== Excerpted records ==
Lemma nb_total_mass (r p : R) : 0 <= r -> 0 < p < 1 -> is_series (nb_pmf r p) 1.
Proof.
  intros Hr Hp. destruct (Req_dec r 0) as [-> | Hr0].
  - assert (Hrise : forall n, rising 0 (S n) = 0).
    { induction n as [|n IH]; simpl in *; [ring | rewrite IH; ring]. }
    apply is_series_decr_1.
    match goal with |- is_series _ ?v => replace v with 0 end.
    + eapply is_series_ext_R; [|apply is_series_zero].
      intros n; simpl. unfold nb_pmf. rewrite Hrise. unfold Rdiv; ring.
    + unfold plus, opp; simpl. unfold nb_pmf, Rpower; simpl.
      rewrite Rmult_0_l, exp_0. field.
  - assert (Hr' : 0 < r) by lra.
    pose proof (nb_series_identity r (1 - p) Hr' ltac:(lra)) as Hid.
    replace (1 - (1 - p)) with p in Hid by ring. unfold PSeries in Hid.
    assert (Hsum : is_series (fun n => Rpower p r * (nb_coef r n * (1 - p) ^ n))
                     (Rpower p r * Series (fun n => nb_coef r n * (1 - p) ^ n))).
    { apply is_series_mult_l, Series_correct, nb_coef_series_ex; [exact Hr'|].
      apply Rabs_def1; lra. }
    replace (Rpower p r * Series _) with 1 in Hsum by (unfold Rpower; lra).
    eapply is_series_ext_R; [intros n; symmetry; apply nb_pmf_coef | exact Hsum].
Qed.

Lemma nb_mean (r p : R) : 0 <= r -> 0 < p < 1 ->
  is_series (fun n => nb_pmf r p n * INR n) (r * (1 - p) / p).
Proof.
  intros Hr Hp. apply is_series_decr_1.
  match goal with |- is_series _ ?v => replace v with (r * (1 - p) / p)
    by (unfold plus, opp; simpl; ring) end.
  apply is_series_ext_R with (fun n => (r * (1 - p) / p) * nb_pmf (r + 1) p n).
  - intros n. unfold nb_pmf. rewrite Rpower_plus, Rpower_1 by lra.
    simpl rising. rewrite fact_simpl, mult_INR, <- rising_shift.
    pose proof (INR_fact_pos n). assert (0 < INR (S n)) by (apply lt_0_INR; lia).
    simpl pow. rewrite S_INR in *. field; lra.
  - apply is_series_mult_l_1, nb_total_mass; lra.
Qed.

Section Expectation.
Variables (r p : R).
Hypothesis (Hr : 0 <= r) (Hp : 0 < p < 1).

Lemma nb_ex_bounded (f : nat -> R) (B : R) :
  (forall n, Rabs (f n) <= B) -> ex_series (fun n => nb_pmf r p n * f n).
Proof.
  intros Hf. apply (ex_series_le_R _ (fun n => B * nb_pmf r p n)).
  - intros n.
    rewrite Rabs_mult, Rabs_right by (apply Rle_ge, nb_pmf_nonneg; auto).
    rewrite Rmult_comm. apply Rmult_le_compat_r; [apply nb_pmf_nonneg|]; auto.
  - eexists. apply is_series_mult_l, nb_total_mass; auto.
Qed.

(* Functions of at most affine growth are integrable, since [NB(r,p)] has a mean. *)
Lemma nb_ex_affine (f : nat -> R) (a b : R) :
  (forall n, Rabs (f n) <= a + b * INR n) -> ex_series (fun n => nb_pmf r p n * f n).
Proof.
  intros Hf. apply (ex_series_le_R _ (fun n => a * nb_pmf r p n + b * (nb_pmf r p n * INR n))).
  - intros n.
    rewrite Rabs_mult, Rabs_right by (apply Rle_ge, nb_pmf_nonneg; auto).
    replace (a * nb_pmf r p n + b * (nb_pmf r p n * INR n))
      with (nb_pmf r p n * (a + b * INR n)) by ring.
    apply Rmult_le_compat_l; [apply nb_pmf_nonneg|]; auto.
  - eexists. apply is_series_add; apply is_series_mult_l; [apply nb_total_mass | apply nb_mean]; auto.
Qed.

Lemma nb_exp_ext (f g : nat -> R) : (forall n, f n = g n) -> nb_exp r p f = nb_exp r p g.
Proof. intros H; unfold nb_exp; apply Series_ext; intros n; now rewrite H. Qed.

Lemma nb_exp_const (c : R) : nb_exp r p (fun _ => c) = c.
Proof.
  unfold nb_exp. apply is_series_unique.
  apply is_series_ext_R with (fun n => c * nb_pmf r p n); [intros n; ring|].
  apply is_series_mult_l_1, nb_total_mass; auto.
Qed.

Lemma nb_exp_minus (f g : nat -> R) :
  ex_series (fun n => nb_pmf r p n * f n) -> ex_series (fun n => nb_pmf r p n * g n) ->
  nb_exp r p (fun n => f n - g n) = nb_exp r p f - nb_exp r p g.
Proof.
  intros Hf Hg. unfold nb_exp. rewrite <- Series_minus by assumption.
  apply Series_ext; intros; ring.
Qed.

Lemma nb_exp_mono (f g : nat -> R) :
  ex_series (fun n => nb_pmf r p n * f n) -> ex_series (fun n => nb_pmf r p n * g n) ->
  (forall n, f n <= g n) -> nb_exp r p f <= nb_exp r p g.
Proof.
  intros Hf Hg Hfg. apply Series_mono; auto.
  intros n. apply Rmult_le_compat_l; [apply nb_pmf_nonneg|]; auto.
Qed.

Lemma nb_exp_mono_bounded (f g : nat -> R) (B : R) :
  (forall n, Rabs (f n) <= B) -> (forall n, Rabs (g n) <= B) ->
  (forall n, f n <= g n) -> nb_exp r p f <= nb_exp r p g.
Proof. intros Hf Hg. apply nb_exp_mono; eapply nb_ex_bounded; eassumption. Qed.

Lemma nb_exp_between (f : nat -> R) (lo hi : R) :
  (forall n, lo <= f n <= hi) -> lo <= nb_exp r p f <= hi.
Proof.
  intros Hf.
  assert (Hex : forall c, ex_series (fun n => nb_pmf r p n * c)).
  { intros c. apply (nb_ex_bounded (fun _ => c) (Rabs c)). intros; apply Rle_refl. }
  assert (Hfex : ex_series (fun n => nb_pmf r p n * f n)).
  { apply (nb_ex_bounded _ (Rabs lo + Rabs hi)). intros n. specialize (Hf n).
    pose proof (Rle_abs hi). pose proof (Rabs_pos hi). pose proof (Rabs_pos lo).
    pose proof (Rle_abs (- lo)) as Hlo. rewrite Rabs_Ropp in Hlo.
    apply Rabs_le; lra. }
  rewrite <- (nb_exp_const lo) at 1. rewrite <- (nb_exp_const hi).
  split; apply nb_exp_mono; auto; intros n; apply Hf.
Qed.

Lemma nb_exp_nonneg (f : nat -> R) :
  ex_series (fun n => nb_pmf r p n * f n) -> (forall n, 0 <= f n) -> 0 <= nb_exp r p f.
Proof.
  intros Hf Hpos. rewrite <- (nb_exp_const 0). apply nb_exp_mono; auto.
  apply (nb_ex_bounded _ 0). intros; rewrite Rabs_R0; lra.
Qed.

Lemma nb_exp_affine_le (f : nat -> R) (a b : R) : 0 <= b ->
  (forall n, 0 <= f n <= a + b * INR n) -> nb_exp r p f <= a + b * (r * (1 - p) / p).
Proof.
  intros Hb Hf.
  assert (Hmean : is_series (fun n => nb_pmf r p n * (a + b * INR n)) (a + b * (r * (1 - p) / p))).
  { apply is_series_ext_R with (fun n => a * nb_pmf r p n + b * (nb_pmf r p n * INR n));
      [intros n; ring|].
    replace (a + b * (r * (1 - p) / p)) with (a * 1 + b * (r * (1 - p) / p)) by ring.
    apply is_series_add; apply is_series_mult_l; [apply nb_total_mass | apply nb_mean]; auto. }
  unfold nb_exp at 1. rewrite <- (is_series_unique _ _ Hmean).
  apply nb_exp_mono; [| eexists; exact Hmean | intros n; apply Hf].
  apply (nb_ex_affine _ a b). intros n. specialize (Hf n). rewrite Rabs_right; lra.
Qed.

End Expectation.

(** * Stochastic order in the shape parameter

    [NB(r+1,p)] is the convolution of [NB(r,p)] with a geometric law, hence
    stochastically larger than [NB(r,p)]: non-increasing bounded functions have a
    smaller expectation under [NB(r+1,p)].  We prove this by comparing partial sums
    (an Abel summation) using the explicit gap between the two distribution functions. *)

Section ShapeDominance.
Variables (r p : R).
Hypothesis (Hr : 0 <= r) (Hp : 0 < p < 1).

(* [nb_conv n = sum_(m <= n) (1-p)^(n-m) P_r(m)], the convolution with the geometric law. *)
Fixpoint nb_conv (n : nat) : R :=
  match n with
  | O => nb_pmf r p 0
  | S m => (1 - p) * nb_conv m + nb_pmf r p (S m)
  end.

Lemma nb_conv_nonneg (n : nat) : 0 <= nb_conv n.
Proof.
  induction n as [|n IH]; simpl; [apply nb_pmf_nonneg; auto|].
  pose proof (nb_pmf_nonneg r p (S n) Hr Hp).
  apply Rplus_le_le_0_compat; [apply Rmult_le_pos|]; lra.
Qed.

Lemma nb_pmf_succ_shape (n : nat) : nb_pmf (r + 1) p n = p * nb_conv n.
Proof.
  induction n as [|n IH]; simpl nb_conv;
    rewrite !nb_pmf_coef, Rpower_plus, Rpower_1 by lra.
  - rewrite !nb_coef_0. simpl; ring.
  - rewrite nb_coef_pascal. rewrite nb_pmf_coef, Rpower_plus, Rpower_1 in IH by lra.
    simpl pow.
    transitivity (Rpower p r * p * (nb_coef (r + 1) n * (1 - p) ^ n) * (1 - p)
                  + p * (Rpower p r * (nb_coef r (S n) * ((1 - p) * (1 - p) ^ n)))); [ring|].
    rewrite IH. ring.
Qed.

Lemma nb_cdf_gap (M : nat) :
  sum_n (nb_pmf r p) M - sum_n (nb_pmf (r + 1) p) M = (1 - p) * nb_conv M.
Proof.
  induction M as [|M IH].
  - rewrite !sum_O, nb_pmf_succ_shape. simpl; ring.
  - rewrite !sum_Sn, nb_pmf_succ_shape. unfold plus; simpl.
    transitivity ((sum_n (nb_pmf r p) M - sum_n (nb_pmf (r + 1) p) M)
                  + nb_pmf r p (S M) - p * ((1 - p) * nb_conv M + nb_pmf r p (S M))); [ring|].
    rewrite IH. ring.
Qed.

Lemma nb_cdf_gap_nonneg (M : nat) :
  0 <= sum_n (nb_pmf r p) M - sum_n (nb_pmf (r + 1) p) M.
Proof. rewrite nb_cdf_gap. apply Rmult_le_pos; [lra | apply nb_conv_nonneg]. Qed.

Lemma nb_partial_gap (h : nat -> R) : (forall n, h (S n) <= h n) -> forall M,
  (sum_n (nb_pmf r p) M - sum_n (nb_pmf (r + 1) p) M) * h M <=
  sum_n (fun n => nb_pmf r p n * h n) M - sum_n (fun n => nb_pmf (r + 1) p n * h n) M.
Proof.
  intros Hh M. induction M as [|M IH]; [rewrite !sum_O; right; ring|].
  rewrite !sum_Sn. unfold plus; simpl.
  pose proof (nb_cdf_gap_nonneg M) as Hgap.
  set (D := sum_n (nb_pmf r p) M - sum_n (nb_pmf (r + 1) p) M) in *.
  assert (D * h (S M) <= D * h M) by (apply Rmult_le_compat_l; auto).
  transitivity (D * h (S M) + (nb_pmf r p (S M) - nb_pmf (r + 1) p (S M)) * h (S M));
    [right; unfold D; ring | lra].
Qed.

Lemma nb_exp_shape_succ (h : nat -> R) (B : R) :
  (forall n, h (S n) <= h n) -> (forall n, Rabs (h n) <= B) ->
  nb_exp (r + 1) p h <= nb_exp r p h.
Proof.
  intros Hh HB.
  assert (Hr1 : 0 <= r + 1) by lra.
  pose proof (Series_correct _ (nb_ex_bounded r p Hr Hp h B HB)) as E0.
  pose proof (Series_correct _ (nb_ex_bounded (r + 1) p Hr1 Hp h B HB)) as E1.
  pose proof (nb_total_mass r p Hr Hp) as N0. pose proof (nb_total_mass (r + 1) p Hr1 Hp) as N1.
  set (gap := fun M => sum_n (nb_pmf r p) M - sum_n (nb_pmf (r + 1) p) M).
  set (lower := fun M => - B * gap M).
  set (diff := fun M => sum_n (fun n => nb_pmf r p n * h n) M
                        - sum_n (fun n => nb_pmf (r + 1) p n * h n) M).
  assert (Hlower : is_lim_seq lower (- B * (1 - 1))).
  { apply is_lim_seq_mult'; [apply is_lim_seq_const | apply is_lim_seq_minus'; assumption]. }
  assert (Hdiff : is_lim_seq diff (nb_exp r p h - nb_exp (r + 1) p h)).
  { apply is_lim_seq_minus'; assumption. }
  assert (Hle : forall M, lower M <= diff M).
  { intros M. pose proof (nb_partial_gap h Hh M) as HA. pose proof (nb_cdf_gap_nonneg M).
    specialize (HB M). apply Rabs_le_between in HB.
    assert (- B * gap M <= gap M * h M) by (unfold gap in *; nra).
    unfold lower, diff, gap in *; lra. }
  pose proof (is_lim_seq_le lower diff _ _ Hle Hlower Hdiff) as Hlim. simpl in Hlim. lra.
Qed.

End ShapeDominance.

Lemma nb_exp_shape_mono (h : nat -> R) (B r p : R) (m : nat) : 0 <= r -> 0 < p < 1 ->
  (forall n, h (S n) <= h n) -> (forall n, Rabs (h n) <= B) ->
  nb_exp (r + INR m) p h <= nb_exp r p h.
Proof.
  intros Hr Hp Hh HB. induction m as [|m IH]; [simpl; rewrite Rplus_0_r; lra|].
  rewrite S_INR, <- Rplus_assoc.
  eapply Rle_trans; [apply (nb_exp_shape_succ (r + INR m) p) with (B := B) | exact IH]; auto.
  pose proof (pos_INR m); lra.
Qed.

(** * Minimising discrete convex functions on [Z] *)

Definition dincr (g : Z -> R) (a : Z) : R := g (a + 1)%Z - g a.

Definition sign_change (D : Z -> R) (d : Z) : Prop :=
  (forall a, (a < d)%Z -> D a < 0) /\ (forall a, (d <= a)%Z -> 0 <= D a).

Lemma Z_steps_mono (f : Z -> R) (x : Z) :
  (forall a, (x <= a)%Z -> f a <= f (a + 1)%Z) ->
  forall a b, (x <= a)%Z -> (a <= b)%Z -> f a <= f b.
Proof.
  intros Hstep a b Hxa Hab.
  replace b with (a + Z.of_nat (Z.to_nat (b - a)))%Z by lia.
  induction (Z.to_nat (b - a)) as [|n IH]; [rewrite Z.add_0_r; lra|].
  replace (a + Z.of_nat (S n))%Z with (a + Z.of_nat n + 1)%Z by lia.
  eapply Rle_trans; [exact IH | apply Hstep; lia].
Qed.

Lemma Z_steps_strict_left (f : Z -> R) (d : Z) :
  (forall a, (a < d)%Z -> f (a + 1)%Z < f a) -> forall a, (a < d)%Z -> f d < f a.
Proof.
  intros Hstep a Had.
  replace a with (d - Z.of_nat (S (Z.to_nat (d - a - 1))))%Z by lia.
  induction (Z.to_nat (d - a - 1)) as [|n IH].
  - specialize (Hstep (d - 1)%Z ltac:(lia)).
    replace (d - 1 + 1)%Z with d in Hstep by lia. replace (d - Z.of_nat 1)%Z with (d - 1)%Z by lia.
    exact Hstep.
  - specialize (Hstep (d - Z.of_nat (S (S n)))%Z ltac:(lia)).
    replace (d - Z.of_nat (S (S n)) + 1)%Z with (d - Z.of_nat (S n))%Z in Hstep by lia. lra.
Qed.

Lemma sign_change_exists (D : Z -> R) (a0 L0 : Z) :
  (forall a, D a <= D (a + 1)%Z) -> 0 <= D a0 -> (forall a, (a < L0)%Z -> D a < 0) ->
  exists d, sign_change D d.
Proof.
  intros Hmono Ha0 Hleft.
  assert (HL0a0 : (L0 <= a0)%Z).
  { destruct (Z_lt_le_dec a0 L0) as [Hlt|]; [specialize (Hleft a0 Hlt); lra | assumption]. }
  destruct (dec_inh_nat_subset_has_unique_least_element (fun n => 0 <= D (L0 + Z.of_nat n)%Z))
    as [m [[Hm Hleast] _]].
  - intros n. destruct (Rle_dec 0 (D (L0 + Z.of_nat n)%Z)); auto.
  - exists (Z.to_nat (a0 - L0)). now replace (L0 + Z.of_nat (Z.to_nat (a0 - L0)))%Z with a0 by lia.
  - exists (L0 + Z.of_nat m)%Z. split.
    + intros a Ha. destruct (Z_lt_le_dec a L0) as [|HaL]; [auto|].
      apply Rnot_le_lt. intros Hnonneg.
      assert (Hle : (m <= Z.to_nat (a - L0))%nat).
      { apply Hleast. now replace (L0 + Z.of_nat (Z.to_nat (a - L0)))%Z with a by lia. }
      lia.
    + intros a Ha. eapply Rle_trans; [exact Hm|].
      apply (Z_steps_mono D (L0 + Z.of_nat m)); auto; lia.
Qed.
===
**Work instruction**
Take the lines from the first line of the listing to the line containing "simpl rising. rewrite". Please print them exactly, ends included, with nothing else.

**Result of this exercise**
Lemma nb_total_mass (r p : R) : 0 <= r -> 0 < p < 1 -> is_series (nb_pmf r p) 1.
Proof.
  intros Hr Hp. destruct (Req_dec r 0) as [-> | Hr0].
  - assert (Hrise : forall n, rising 0 (S n) = 0).
    { induction n as [|n IH]; simpl in *; [ring | rewrite IH; ring]. }
    apply is_series_decr_1.
    match goal with |- is_series _ ?v => replace v with 0 end.
    + eapply is_series_ext_R; [|apply is_series_zero].
      intros n; simpl. unfold nb_pmf. rewrite Hrise. unfold Rdiv; ring.
    + unfold plus, opp; simpl. unfold nb_pmf, Rpower; simpl.
      rewrite Rmult_0_l, exp_0. field.
  - assert (Hr' : 0 < r) by lra.
    pose proof (nb_series_identity r (1 - p) Hr' ltac:(lra)) as Hid.
    replace (1 - (1 - p)) with p in Hid by ring. unfold PSeries in Hid.
    assert (Hsum : is_series (fun n => Rpower p r * (nb_coef r n * (1 - p) ^ n))
                     (Rpower p r * Series (fun n => nb_coef r n * (1 - p) ^ n))).
    { apply is_series_mult_l, Series_correct, nb_coef_series_ex; [exact Hr'|].
      apply Rabs_def1; lra. }
    replace (Rpower p r * Series _) with 1 in Hsum by (unfold Rpower; lra).
    eapply is_series_ext_R; [intros n; symmetry; apply nb_pmf_coef | exact Hsum].
Qed.

Lemma nb_mean (r p : R) : 0 <= r -> 0 < p < 1 ->
  is_series (fun n => nb_pmf r p n * INR n) (r * (1 - p) / p).
Proof.
  intros Hr Hp. apply is_series_decr_1.
  match goal with |- is_series _ ?v => replace v with (r * (1 - p) / p)
    by (unfold plus, opp; simpl; ring) end.
  apply is_series_ext_R with (fun n => (r * (1 - p) / p) * nb_pmf (r + 1) p n).
  - intros n. unfold nb_pmf. rewrite Rpower_plus, Rpower_1 by lra.
    simpl rising. rewrite fact_simpl, mult_INR, <- rising_shift.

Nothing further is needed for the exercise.